2. Bounding the Expressive Power

The paper argues that when a Type-0 generator is bound by a Type-3 verifier, it prevents the generator’s execution trace from drifting into “pathological corners of $\Sigma^*$ that the consumer was not designed to cover.”

In our Ablation 1 (Verifier Components), when structural DFA checks were disabled (representing the generator running without regular language bounds):

Under a 15% transition error rate, the agent got stuck or generated out-of-order calls (e.g. attempting to train a model before datasets were loaded or preprocessed).
This led to a 0.0% completion/success rate for both the Control and Data-Only groups.
In contrast, when the regular language constraints were active (Full Verifier), the agent was successfully bound, yielding a 49.5% average score.

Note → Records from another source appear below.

(* Every geodesic $s\mapsto\mathbf t(s)$ of the quasi-Euclidean space $(\mathbb{R}^N\setminus\{0\},\,n_{pq}(g;t))$ lies in a two-dimensional linear subspace of $\mathbb{R}^N$ (through the origin); that is, the geodesics are plane curves.
   Context: Let $N\ge2$; $(r_{pq})$ is a symmetric positive-definite $N\times N$ matrix with $r_{NN}=1$, $r_{Na}=0$ ($a<N$), $S(t)=\sqrt{r_{pq}t^pt^q}$, $L_p=r_{pq}t^q/S(t)$. Fix $g\in(-2,2)$, $h=\sqrt{1-g^2/4}$, $G=g/h$. The quasi-Euclidean metric tensor is $n_{pq}(g;t)=\frac1{h^2}r_{pq}-\frac14G^2L_pL_q$, and geodesics are solutions of the Levi-Civita geodesic equation $\frac{d^2t^p}{ds^2}+N_q{}^p{}_r\frac{dt^q}{ds}\frac{dt^r}{ds}=0$, where $N_q{}^p{}_r$ are the Christoffel symbols of $n_{pq}$. *)

From HB Require Import structures.
From mathcomp Require Import all_boot all_order all_algebra.
From mathcomp Require Import all_classical all_reals all_analysis.
Set Implicit Arguments. Unset Strict Implicit. Unset Printing Implicit Defensive.
Import Order.TTheory GRing.Theory Num.Theory.
Import numFieldNormedType.Exports.
Local Open Scope classical_set_scope.
Local Open Scope ring_scope.

Section QuasiEuclid.
Variables (R : realType) (N : nat).

Definition posdef (r : 'M[R]_N) : Prop :=
  forall v : 'rV[R]_N, v != 0 -> 0 < \sum_(p < N) \sum_(q < N) r p q * v 0 p * v 0 q.

Definition Sfun (r : 'M[R]_N) (t : 'rV[R]_N) : R :=
  Num.sqrt (\sum_(p < N) \sum_(q < N) r p q * t 0 p * t 0 q).

Definition Lfun (r : 'M[R]_N) (t : 'rV[R]_N) (p : 'I_N) : R :=
  (\sum_(q < N) r p q * t 0 q) / Sfun r t.

Definition hpar (g : R) : R := Num.sqrt (1 - g ^+ 2 / 4).
Definition Gpar (g : R) : R := g / hpar g.

Definition nmetric (g : R) (r : 'M[R]_N) (t : 'rV[R]_N) : 'M[R]_N :=
  \matrix_(p, q) (r p q / hpar g ^+ 2 - Gpar g ^+ 2 / 4 * Lfun r t p * Lfun r t q).

Definition pderiv (F : 'rV[R]_N -> R) (k : 'I_N) (t : 'rV[R]_N) : R :=
  derive1 (fun x : R => F (t + x *: delta_mx 0 k)) 0.

Definition christoffel (g : R) (r : 'M[R]_N) (t : 'rV[R]_N) (q p s : 'I_N) : R :=
  2^-1 * \sum_(m < N) (invmx (nmetric g r t)) p m *
    (pderiv (fun x => nmetric g r x m s) q t
     + pderiv (fun x => nmetric g r x m q) s t
     - pderiv (fun x => nmetric g r x q s) m t).

Definition coord (c : R -> 'rV[R]_N) (p : 'I_N) : R -> R := fun s => c s 0 p.

Definition is_geodesic (g : R) (r : 'M[R]_N) (I : set R) (c : R -> 'rV[R]_N) : Prop :=
  (forall s, I s -> c s != 0) /\
  (forall s p, I s -> derivable (coord c p) s 1 /\ derivable (derive1 (coord c p)) s 1) /\
  (forall s p, I s ->
     derive1 (derive1 (coord c p)) s
     + \sum_(q < N) \sum_(k < N)
         christoffel g r (c s) q p k * derive1 (coord c q) s * derive1 (coord c k) s = 0).

End QuasiEuclid.

From mathcomp Require Import all_boot all_order all_algebra.
From mathcomp Require Import all_classical all_reals all_analysis.
From mathcomp Require Import ring lra.
Set Implicit Arguments. Unset Strict Implicit. Unset Printing Implicit Defensive.
Import Order.TTheory GRing.Theory Num.Theory.
Import numFieldNormedType.Exports.
Local Open Scope ring_scope.

(* Since [n t = r t], the Christoffel symbols factor as
   N_q^p_s(t) = -(G^2/4) S(t)^-2 (r_sq - L_q L_s) t^p, so along a geodesic the
   acceleration t'' is a multiple of the position t.  Hence the angular momenta
   W_ij = t^i t'^j - t^j t'^i are constant.  If some W_ab(s0) is nonzero, the
   identity t^j W_ab = t^b W_aj - t^a W_bj puts every t(s) in the plane of t(s0)
   and t'(s0); otherwise t' is parallel to t, the direction t^i t^j / |t|^2 is
   constant and the geodesic is a radial segment. *)

Lemma is_derive_0_is_cst_interval (R : realType) (I : set R) (f : R -> R) :
  is_interval I -> (forall x, I x -> is_derive x 1 f 0) ->
  forall a b, I a -> I b -> f a = f b.
Proof.
move=> I_itv f'0.
suff le_cst a b : a <= b -> I a -> I b -> f a = f b.
  by move=> a b Ia Ib; case: (leP a b) => [|/ltW] /le_cst; [apply | move/(_ Ib Ia)].
move=> le_ab Ia Ib; have Iab x : a <= x <= b -> I x by apply: I_itv.
have [|| x _] := MVT_segment le_ab (f := f) (df := fun=> 0).
- by move=> x; rewrite in_itv /= => /andP[ax xb]; apply/f'0/Iab; rewrite !ltW.
- apply: continuous_in_subspaceT => x; rewrite inE /= in_itv /= => /Iab/f'0[].
  by move=> /derivable1_diffP/differentiable_continuous.
- by rewrite mul0r => /eqP; rewrite subr_eq0 => /eqP.
Qed.

Lemma is_derive0_quadratic (R : realType) (a b c : R) :
  is_derive (0 : R) 1 (fun x : R => a + x * b + x ^+ 2 * c) b.
Proof.
have -> : (fun x : R => a + x * b + x ^+ 2 * c) = cst a + @id R * cst b + @id R ^+ 2 * cst c.
  by apply/funext.
apply: is_derive_eq.
by rewrite /= !scaler0 mulr0 !add0r scale0r scaler0 addr0 [_%:A]mulr1.
Qed.

Lemma is_derive0_affine (R : realType) (a b : R) : is_derive (0 : R) 1 (fun x : R => a + x * b) b.
Proof.
have -> : (fun x : R => a + x * b) = (fun x => a + x * b + x ^+ 2 * 0).
  by apply/funext => x; rewrite mulr0 addr0.
exact: is_derive0_quadratic.
Qed.

Lemma sum_mul_delta (T : ringType) (I : finType) (F : I -> T) k :
  \sum_(i : I) F i * (i == k)%:R = F k.
Proof. by rewrite (bigD1 k) //= eqxx mulr1 big1 ?addr0 // => i /negbTE ->; rewrite mulr0. Qed.

Section PlaneSpan.
Variables (F : fieldType) (N : nat).
Implicit Types x y z : 'rV[F]_N.

Lemma rank_col_mx2 x y a b :
  x 0 a * y 0 b - x 0 b * y 0 a != 0 -> \rank (col_mx x y) = 2%N.
Proof.
move=> minor_neq0; apply/eqP; apply: inj_row_free => u.
rewrite -[u]hsubmxK [lsubmx u]mx11_scalar [rsubmx u]mx11_scalar.
set u0 := lsubmx u 0 0; set u1 := rsubmx u 0 0.
rewrite mul_row_col !mul_scalar_mx => uxy_eq0.
have lin j : u0 * x 0 j + u1 * y 0 j = 0.
  by have := congr1 (fun v : 'rV_N => v 0 j) uxy_eq0; rewrite !mxE.
have u0_eq0 : u0 = 0.
  apply: (mulIf minor_neq0); rewrite mul0r.
  transitivity (y 0 b * (u0 * x 0 a + u1 * y 0 a) - y 0 a * (u0 * x 0 b + u1 * y 0 b));
    first by ring.
  by rewrite !lin !mulr0 subrr.
have u1_eq0 : u1 = 0.
  apply: (mulIf minor_neq0); rewrite mul0r.
  transitivity (x 0 a * (u0 * x 0 b + u1 * y 0 b) - x 0 b * (u0 * x 0 a + u1 * y 0 a));
    first by ring.
  by rewrite !lin !mulr0 subrr.
by rewrite u0_eq0 u1_eq0 !raddf0 row_mx0.
Qed.

Lemma sub_col_mx2 x y (a b : F) : ((a *: x + b *: y)%R <= col_mx x y)%MS.
Proof.
apply/submxP; exists (row_mx (a%:M : 'M[F]_1) (b%:M : 'M[F]_1)).
by rewrite mul_row_col !mul_scalar_mx.
Qed.

Lemma col_mx_rank2_completion x : (2 <= N)%N -> x != 0 ->
  exists y, \rank (col_mx x y) = 2%N.
Proof.
move=> N_ge2 /rV0Pn[a xa_neq0].
have [b ba] : exists b : 'I_N, b != a.
  pose i0 : 'I_N := Ordinal (ltnW N_ge2); pose i1 : 'I_N := Ordinal N_ge2.
  by case: (eqVneq a i0) => [->|]; [exists i1 | exists i0; rewrite eq_sym].
exists (delta_mx 0 b); apply: (rank_col_mx2 (a := a) (b := b)).
by rewrite !mxE !eqxx (eq_sym a b) (negbTE ba) mulr1 mulr0 subr0.
Qed.

End PlaneSpan.

Definition planar (R : realType) (N : nat) (I : set R) (c : R -> 'rV[R]_N) : Prop :=
  exists U : 'M[R]_(2, N), \rank U = 2%N /\ (forall s, I s -> (c s <= U)%MS).

Section CentralAcceleration.
Variables (R : realType) (N : nat) (I : set R) (c : R -> 'rV[R]_N) (lam : R -> R).
Local Notation v p := (derive1 (coord c p)).
Hypothesis I_itv : is_interval I.
Hypothesis c_neq0 : forall s, I s -> c s != 0.
Hypothesis c_derive : forall s p, I s -> is_derive s 1 (coord c p) (v p s).
Hypothesis v_derive : forall s p, I s -> is_derive s 1 (v p) (lam s * c s 0 p).

Definition angular_momentum (i j : 'I_N) (s : R) : R := c s 0 i * v j s - c s 0 j * v i s.
Local Notation W := angular_momentum.

Lemma angular_momentum_cst i j s s' : I s -> I s' -> W i j s = W i j s'.
Proof.
apply: is_derive_0_is_cst_interval => // {}s Is.
have -> : W i j = coord c i * v j - coord c j * v i by [].
apply: is_derive_eq (is_deriveB (is_deriveM (c_derive i Is) (v_derive j Is))
                                 (is_deriveM (c_derive j Is) (v_derive i Is))) _.
by rewrite /GRing.scale /= /coord; ring.
Qed.

Lemma sub_plane_of_angular_momentum s0 a b : I s0 -> W a b s0 != 0 ->
  forall s, I s -> (c s <= col_mx (c s0) (\row_j v j s0))%MS.
Proof.
move=> Is0 Wab_neq0 s Is.
have plucker j : c s 0 j * W a b s = c s 0 b * W a j s - c s 0 a * W b j s.
  by rewrite /W; ring.
pose al := (c s 0 a * v b s0 - c s 0 b * v a s0) / W a b s0.
pose be := (c s 0 b * c s0 0 a - c s 0 a * c s0 0 b) / W a b s0.
suff -> : c s = al *: c s0 + be *: \row_j v j s0 by apply: sub_col_mx2.
apply/rowP => j; rewrite !mxE; apply: (mulIf Wab_neq0).
rewrite -(angular_momentum_cst a b Is Is0) plucker.
rewrite !(angular_momentum_cst _ _ Is Is0) /al /be.
by move: Wab_neq0; rewrite /W => ?; field.
Qed.

Section Radial.
Hypothesis W_eq0 : forall i j s, I s -> W i j s = 0.

Let nrm2 s := \sum_(k < N) c s 0 k * c s 0 k.
Let dot s := \sum_(k < N) c s 0 k * v k s.

Let nrm2_neq0 s : I s -> nrm2 s != 0.
Proof.
move=> Is; apply/eqP => /psumr_eq0P nrm2_eq0; have /rV0Pn[k] := c_neq0 Is.
apply/negP; rewrite negbK -sqrf_eq0 expr2; apply/eqP/nrm2_eq0 => // i _.
by rewrite -expr2 sqr_ge0.
Qed.

Let velocity_radial s i : I s -> c s 0 i * dot s = v i s * nrm2 s.
Proof.
move=> Is; rewrite !mulr_sumr; apply: eq_bigr => k _.
have /eqP := W_eq0 i k Is; rewrite subr_eq0 => /eqP Wik.
by rewrite mulrCA Wik; ring.
Qed.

This shows that the regular-language envelope is not just a theoretical wrapper, but a necessary operational boundary to keep Type-0 generators convergent.

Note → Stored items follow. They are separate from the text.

(* Suppose that $X\subset U\subset\mathbb{R}^n$, where $U$ is open and $X$ is the closure in $U$ of its interior. Then $\tau^p(X)=X\times\mathcal{P}_p^*$ for all $p\in\mathbb{N}$.
   Context: $\mathcal{P}_p$: real polynomials on $\mathbb{R}^n$ of degree $\le p$; $\mathcal{P}_p^*$ its dual; $r=\dim\mathcal{P}_p$. For $\xi\in\mathcal{P}_p^*$, $b\in\mathbb{R}^n$, $|\alpha|\le p$: $\xi_\alpha(b):=\xi(\tfrac1{\alpha!}(x-b)^\alpha)$; $\delta_a(P)=P(a)$. A bundle over $X$ with fibres in $W$ is a subset of $X\times W$ whose fibres are linear subspaces. For a bundle $E\subset X\times\mathcal{P}_p^*$: $\Delta E=\{(a,b,\xi+\eta):a,b\in X,\xi\in E_a,\eta\in E_b,|a-b|^{p-|\alpha|}|\eta_\alpha(b)|\le1\ \forall|\alpha|\le p\}$, $E'=\{(a,\xi):(a,a,\xi)\in\overline{\Delta E}\}$ (closure in $X\times X\times\mathcal{P}_p^*$), $\rho(E)=\{(a,\xi):\xi\in\operatorname{Span}E'_a\}$. With $E_0=\{(a,\lambda\delta_a):a\in X,\lambda\in\mathbb{R}\}$, the bundles $\rho^i(E_0)$ coincide for $i\ge2r$, and $\tau^p(X):=\rho^{2r}(E_0)$. *)

From HB Require Import structures.
From mathcomp Require Import all_boot all_order all_algebra.
From mathcomp Require Import reals.
From mathcomp Require Import mpoly.
Set Implicit Arguments. Unset Strict Implicit. Unset Printing Implicit Defensive.
Import Order.TTheory GRing.Theory Num.Theory.
Local Open Scope ring_scope.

3. Auditable Verification vs. Black-Box Judges

Section VI-D of the paper explains why an Aho-Corasick or DFA verifier is superior to a black-box LLM Judge:

Class Containment: An LLM-as-judge is not a transparent regular recogniser, losing the $O(n)$ complexity guarantee.
Auditability: A DFA is mechanically derived, finite, and version-controlled.
Robustness: A DFA “cannot be talked into anything; it either matches or it does not.”

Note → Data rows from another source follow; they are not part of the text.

(* Let $k\ge2$ and $m\ge2$ be integers and put $n=m(k-1)$. Suppose $A(x)=\sum_{i=0}^{k-1}a_ix^i$ is a monic polynomial of degree $k-1$, $B$ is a polynomial, and $c\in\mathbb C$, $c\neq0$, are such that $$A(x)^m-c\,(x-1)=x^k B(x).$$ Then $A$ satisfies the differential equation $$m\,A'(x)\,(x-1)-A(x)=\big(m(k-1)-1\big)\,x^{k-1};$$ consequently its coefficients are given by $a_{k-1}=1$ and $a_i=\dfrac{m(i+1)}{mi-1}\,a_{i+1}$ for $0\le i\le k-2$. Moreover $c=-a_0^m$.
   Context: This is the normalization of the Davenport–Zannier pair $P=A^m$, $Q=x^kB$, $R=P-Q=c(x-1)$ for a weighted tree of diameter 4 (series $G$) whose central white vertex (at $0$) has degree $k$ and all black vertices have degree $m$. *)

From HB Require Import structures.
From mathcomp Require Import all_boot all_order all_algebra.
Set Implicit Arguments. Unset Strict Implicit. Unset Printing Implicit Defensive.

From mathcomp Require Import all_boot all_order all_algebra.
From mathcomp Require Import ring.
Set Implicit Arguments.
Unset Strict Implicit.
Import GRing.Theory Num.Theory.
Local Open Scope ring_scope.

(* Differentiating A^m = c (X - 1) + X^k B and multiplying by X - 1 eliminates
   c: A^(m-1) (m A' (X - 1) - A) is divisible by X^(k-1).  Since A(0) != 0, the
   factor A^(m-1) is coprime to X, so X^(k-1) divides m A' (X - 1) - A, a
   polynomial of degree at most k - 1; it is therefore a multiple of X^(k-1),
   and comparing coefficients gives the recurrence. *)

Definition dz_op (R : nzRingType) (m : nat) (p : {poly R}) : {poly R} :=
  m%:R *: (p^`() * ('X - 1)) - p.

Lemma coef_dz_op (R : nzRingType) (m : nat) (p : {poly R}) (j : nat) :
  (dz_op m p)`_j = m%:R * (p`_j *+ j - p`_j.+1 *+ j.+1) - p`_j.
Proof.
rewrite /dz_op coefB coefZ mulrBr mulr1 coefB coefMX !coef_deriv.
by case: j.
Qed.

Lemma size_dz_op (R : nzRingType) (m : nat) (p : {poly R}) :
  (size (dz_op m p) <= size p)%N.
Proof.
apply/leq_sizeP => j le_p_j.
by rewrite coef_dz_op !nth_default ?(leqW le_p_j) // !mul0rn subrr mulr0 subr0.
Qed.

Lemma coef_dvdp_Xn (R : idomainType) (q : {poly R}) (n j : nat) :
  'X^n %| q -> (j < n)%N -> q`_j = 0.
Proof.
by move=> /(Pdiv.IdomainMonic.dvdpP (monicXn _ _))[r ->] lt_j_n; rewrite coefMXn lt_j_n.
Qed.

Lemma dvdp_Xn_size_eq (R : idomainType) (q : {poly R}) (n : nat) :
  'X^n %| q -> (size q <= n.+1)%N -> q = q`_n *: 'X^n.
Proof.
move=> dvd_q sz_q; apply/polyP => j; rewrite coefZ coefXn.
case: (ltngtP j n) => [lt_j_n | lt_n_j | ->]; last by rewrite mulr1.
- by rewrite mulr0 (coef_dvdp_Xn dvd_q lt_j_n).
- by rewrite mulr0 nth_default // (leq_trans sz_q).
Qed.

Lemma coef0_eq_pow (R : comNzRingType) (p B : {poly R}) (c : R) (m n : nat) :
  p ^+ m = c *: ('X - 1) + 'X^(n.+1) * B -> c = - p`_0 ^+ m.
Proof.
move=> E; have := congr1 (horner^~ 0) E.
rewrite -horner_coef0 !hornerE /= => ->.
by rewrite expr0n mul0r addr0 mulrN1 opprK.
Qed.

Lemma dvdp_Xn_dz_op (R : idomainType) (p B : {poly R}) (c : R) (m n : nat) :
  p`_0 != 0 -> p ^+ m.+1 = c *: ('X - 1) + 'X^(n.+1) * B ->
  'X^n %| dz_op m.+1 p.
Proof.
move=> p0 E.
have dE := congr1 deriv E; rewrite deriv_exp !derivE /= in dE.
have cop : coprimep 'X^n (p ^+ m).
  apply/coprimep_expl/coprimep_expr.
  by rewrite coprimep_sym -[X in coprimep _ X]subr0 -polyC0 coprimep_XsubC
             rootE horner_coef0.
have key : p ^+ m * dz_op m.+1 p
        = 'X^n * ((B *+ n.+1 + 'X * B^`()) * ('X - 1) - 'X * B).
  have -> : p ^+ m * dz_op m.+1 p = (p^`() * p ^+ m *+ m.+1) * ('X - 1) - p ^+ m.+1.
    by rewrite /dz_op scaler_nat exprSr; move: (p ^+ m) => P; ring.
  by rewrite dE E exprS alg_polyC -mul_polyC; ring.
by rewrite -(Gauss_dvdpr _ cop) key dvdp_mulIl.
Qed.

Lemma dz_op_coef_recurrence (F : numFieldType) (m : nat) (p : {poly F}) (i : nat) :
  (1 < m)%N -> (dz_op m p)`_i = 0 ->
  p`_i = (m * i.+1)%:R / ((m * i)%:R - 1) * p`_i.+1.
Proof.
move=> m_gt1 Di0.
have mi_neq1 : (m * i)%:R - 1 != 0 :> F.
  rewrite subr_eq0 pnatr_eq1 muln_eq1; apply/nandP; left.
  by rewrite neq_ltn m_gt1 orbT.
rewrite mulrAC; apply: (canRL (mulfK mi_neq1)).
apply/eqP; rewrite -subr_eq0 -[X in _ == X]Di0 coef_dz_op.
rewrite -(mulr_natr p`_i) -(mulr_natr p`_i.+1) !natrM -addn1 natrD.
by apply/eqP; ring.
Qed.

Theorem mainTheorem6 (C : numClosedFieldType) (k m : nat) (A B : {poly C}) (c : C) :
  (2 <= k)%N -> (2 <= m)%N ->
  A \is monic -> size A = k ->
  c != 0 ->
  A ^+ m - c *: ('X - 1) = 'X^k * B ->
  [/\ m%:R *: (A^`() * ('X - 1)) - A = ((m * (k - 1))%:R - 1) *: 'X^(k - 1),
      A`_(k - 1) = 1,
      (forall i : nat, (i <= k - 2)%N ->
         A`_i = (m * (i + 1))%:R / ((m * i)%:R - 1) * A`_(i + 1))
    & c = - (A`_0 ^+ m)].
Proof.
case: k => [|[|n]] // _; case: m => [|m] // m_gt1 monA szA c_neq0 E.
rewrite !subSS !subn0.
have {}E : A ^+ m.+1 = c *: ('X - 1) + 'X^(n.+2) * B by rewrite -E addrC subrK.
have c_eq := coef0_eq_pow E.
have A0_neq0 : A`_0 != 0.
  by apply: contraNneq c_neq0 => A0; rewrite c_eq A0 expr0n oppr0.
have dvd_D : 'X^(n.+1) %| dz_op m.+1 A := dvdp_Xn_dz_op A0_neq0 E.
have lcA : A`_n.+1 = 1 by rewrite -(monicP monA) lead_coefE szA.
split=> //.
- rewrite -/(dz_op _ _) (dvdp_Xn_size_eq dvd_D); last by rewrite -szA size_dz_op.
  by rewrite coef_dz_op lcA nth_default ?szA // mul0rn subr0 natrM.
- move=> i le_i_n; rewrite addn1; apply: dz_op_coef_recurrence => //.
  exact: coef_dvdp_Xn dvd_D le_i_n.
Qed.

Our experiments directly illustrated this:

The LLM Judge suffered from false negatives, failing to catch buggy predictions or malformed CSV lengths, leading to 1.2 undetected errors per run and dropping overall accuracy to 35.2%.
The DFA Verifier caught 100% of errors (0.00 undetected errors), guiding the agent to repair every mistake.

4. Experiment 6: Trace-Language in Practice — NeuroGolf 2026

Experiment 6 bridges the gap between controlled simulation and real-world application. While Experiments 1–5 validate the theory in synthetic environments, Experiment 6 applies the same principles to a live Kaggle competition with 400+ participants.

Theorem 2 in the Wild

The formal claim of Theorem 2 — that intersecting a Type-0 generator’s language with a Type-3 verifier’s language preserves decidability — was tested under real conditions:

The Generator ($G$): An LLM writing Python code for a Kaggle notebook. This is the unrestricted Type-0 machine, capable of emitting arbitrary code, paths, and data transformations.
The Verifier ($V$): A 13-state DFA with 76 transitions, checking that the notebook’s trace follows the correct pipeline ordering and contains essential keywords. This is Type-3 (regular) — it cannot understand ONNX graphs, cost formulas, or task patterns.
The Composition $G \parallel V$: The notebook must pass DFA checks at three checkpoints. If any fails, the generator must repair the trace.

Empirical Outcome

Metric	Pre-Verifier (v5)	With DFA (v10)	Improvement
Competition Score	2739.27	4127.12	+50%
Tasks with Bundle Coverage	169/400	398/400	+135%
Datasets Discovered	1 (partial)	4 (all)	+300%
Submission Size	0.1 MB	0.74 MB	Within limit
DFA Checks Passing	N/A	All 3/3	✓

How the Theory Applied

The DFA verifier enforced three critical patterns derived from log analysis of top notebooks:

Pipeline Ordering: Discover bundles before building, build before verifying, verify before blending, blend before packaging. The notebook generator could not reorder steps without the DFA rejecting the trace.
Keyword-Aware Phases: The 29-keyword coverage set ensured each pipeline phase contained the right vocabulary — e.g., the optimization phase required dim_scrub, graph_rewrite, or fp16 keywords matching real notebook patterns.
Accepting States: The DFA defined SUBMITTED and PACKAGED as accepting states. Any trace that reached these states corresponded to a structurally valid submission — without the DFA ever needing to understand cost calculations or ONNX op semantics.

Significance for the Paper

Experiment 6 demonstrates that the trace-language framework is not just a theoretical construct but a practical tool for agent verification. The same DFA mechanisms that caught drop_table sequences in Experiment 5 and enforced pipeline ordering in Experiment 1 also guided a competition submission to a 50% improvement. This confirms that the Type-3 regular language envelope is a sufficient constraint for real-world agent tasks, not just synthetic benchmarks.